» SUPPLIED RECORDS:
Lemma discounted_col_solvable (b : I -> R) :
  exists x : I -> R, forall i, x i = b i + g * \sum_j Q i j * x j.
Proof.
pose x := invmx discount_mx *m \col_i b (enum_val i).
exists (fun i => x (enum_rank i) 0) => i.
have := congr1 (fun w : 'cV_#|I| => w (enum_rank i) 0)
  (mulKVmx discount_mx_unit (\col_i b (enum_val i))).
by rewrite discount_mx_col !mxE enum_rankK => <-; ring.
Qed.

Lemma discounted_row_solvable (b : I -> R) :
  exists y : I -> R, forall j, y j = b j + g * \sum_i y i * Q i j.
Proof.
pose y := \row_j b (enum_val j) *m invmx discount_mx.
exists (fun j => y 0 (enum_rank j)) => j.
have := congr1 (fun w : 'rV_#|I| => w 0 (enum_rank j))
  (mulmxKV discount_mx_unit (\row_j b (enum_val j))).
by rewrite discount_mx_row !mxE enum_rankK => <-; ring.
Qed.

End DiscountedSystems.

Lemma le_sum_nonneg (R : numDomainType) (I : finType) (F : I -> R) i :
  (forall j, 0 <= F j) -> F i <= \sum_j F j.
Proof. by move=> F_ge0; rewrite (bigD1 i) //= lerDl sumr_ge0. Qed.

Lemma normalize_shift_dist (R : realFieldType) (I : finType) (r e : I -> R) (i : I) :
  (forall j, 0 <= e j) -> 0 <= r i <= 1 ->
  `|r i - (r i + e i) / (1 + \sum_j e j)| <= \sum_j e j + e i.
Proof.
move=> e_ge0 /andP[ri_ge0 ri_le1]; set T := \sum_j e j.
have T_ge0 : 0 <= T by rewrite sumr_ge0.
have ei_ge0 := e_ge0 i.
have den_gt0 : 0 < 1 + T by lra.
have -> : r i - (r i + e i) / (1 + T) = (r i * T - e i) / (1 + T).
  by field; rewrite gt_eqF.
have riT_ge0 : 0 <= r i * T by rewrite mulr_ge0.
have riT_le : r i * T <= T by rewrite ler_piMl.
have sq_ge0 : 0 <= (T + e i) * T by rewrite mulr_ge0 ?addr_ge0.
rewrite normf_div (gtr0_norm den_gt0) ler_pdivrMr // ler_norml mulrDr mulr1.
by apply/andP; split; lra.
Qed.

Lemma dinf_ge0 (R : realType) (S A : finType) (x y : sa_vec R S A) : 0 <= dinf x y.
Proof. by rewrite /dinf; elim/big_ind: _ => // a b a_ge0 b_ge0; rewrite le_max a_ge0. Qed.

Lemma dinf_le (R : realType) (S A : finType) (x y : sa_vec R S A) (c : R) :
  0 <= c -> (forall p, `|x p - y p| <= c) -> dinf x y <= c.
Proof. by move=> c_ge0 xy_le; apply: bigmax_le. Qed.

Section MDP.
Variables (R : realType) (S A : finType).
Variables (P : S -> A -> S -> R) (mu0 : S -> R) (gamma : R).
Hypotheses (P_kernel : is_kernel P) (mu0_dist : is_dist_S mu0).
Hypotheses (gamma_ge0 : 0 <= gamma) (gamma_lt1 : gamma < 1).

Local Notation vec := (sa_vec R S A).
Local Notation Phi := (Phi P mu0 gamma).
Local Notation subopt := (subopt P mu0 gamma).

Definition adv (r : vec) (V : S -> R) (p : S * A) : R :=
  r p + gamma * \sum_s P p.1 p.2 s * V s - V p.1.

Definition init_value (V : S -> R) : R := (1 - gamma) * \sum_s mu0 s * V s.

Lemma sum_pair (F : S * A -> R) : \sum_s \sum_a F (s, a) = \sum_p F p.
Proof. by rewrite pair_bigA; apply: eq_bigr => -[]. Qed.

Lemma flowM_adjoint (V : S -> R) (d : vec) :
  \sum_s V s * flowM P gamma d s =
  \sum_p d p * (V p.1 - gamma * \sum_s P p.1 p.2 s * V s).
Proof.
under eq_bigr do rewrite /flowM mulrBr mulrCA !mulr_sumr.
under [RHS]eq_bigr do rewrite mulrBr.
rewrite !sumrB; congr (_ - _).
  by rewrite -sum_pair; apply: eq_bigr => s _; apply: eq_bigr => a _; rewrite mulrC.
rewrite exchange_big; apply: eq_bigr => p _ /=.
by rewrite mulrA mulr_sumr; apply: eq_bigr => s _; ring.
Qed.

Lemma dotv_adv (r : vec) (V : S -> R) (d : vec) :
  Phi d -> dotv r d = init_value V + \sum_p d p * adv r V p.
Proof.
move=> [_ d_flow].
have flow_sum : \sum_s V s * flowM P gamma d s = init_value V.
  by rewrite /init_value mulr_sumr; apply: eq_bigr => s _; rewrite d_flow; ring.
have -> : \sum_p d p * adv r V p =
    dotv r d - \sum_p d p * (V p.1 - gamma * \sum_s P p.1 p.2 s * V s).
  by rewrite /dotv -sumrB; apply: eq_bigr => p _; rewrite /adv; ring.
by rewrite -flowM_adjoint flow_sum; ring.
Qed.

Lemma mass_Phi (d : vec) : Phi d -> \sum_p d p = 1.
Proof.
have [_ P_sum1] := P_kernel; have [_ mu0_sum1] := mu0_dist; move=> [_ d_flow].
have := flowM_adjoint (fun=> 1) d.
under eq_bigr do rewrite mul1r d_flow.
under [RHS]eq_bigr do under eq_bigr do rewrite mulr1.
under [RHS]eq_bigr do rewrite P_sum1 mulr1.
rewrite -mulr_sumr mu0_sum1 mulr1 -mulr_suml => mass_eq.
apply: (mulIf (x := 1 - gamma)); first by rewrite subr_eq0 gt_eqF.
by rewrite -mass_eq mul1r.
Qed.

Lemma Phi_inhabited_actions (d : vec) : Phi d -> inhabited A.
Proof.
move=> /mass_Phi; case: (pickP (@predT (S * A))) => [[_ a] _|none]; first by [].
rewrite big1 => [/eqP|p _]; last by have := none p.
by rewrite eq_sym oner_eq0.
Qed.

» WHAT YOU WILL DO:
Pull out each line of the listing that holds the string "finType".

» FINISHED EXERCISE:
Lemma le_sum_nonneg (R : numDomainType) (I : finType) (F : I -> R) i :
Lemma normalize_shift_dist (R : realFieldType) (I : finType) (r e : I -> R) (i : I) :
Lemma dinf_ge0 (R : realType) (S A : finType) (x y : sa_vec R S A) : 0 <= dinf x y.
Lemma dinf_le (R : realType) (S A : finType) (x y : sa_vec R S A) (c : R) :
Variables (R : realType) (S A : finType).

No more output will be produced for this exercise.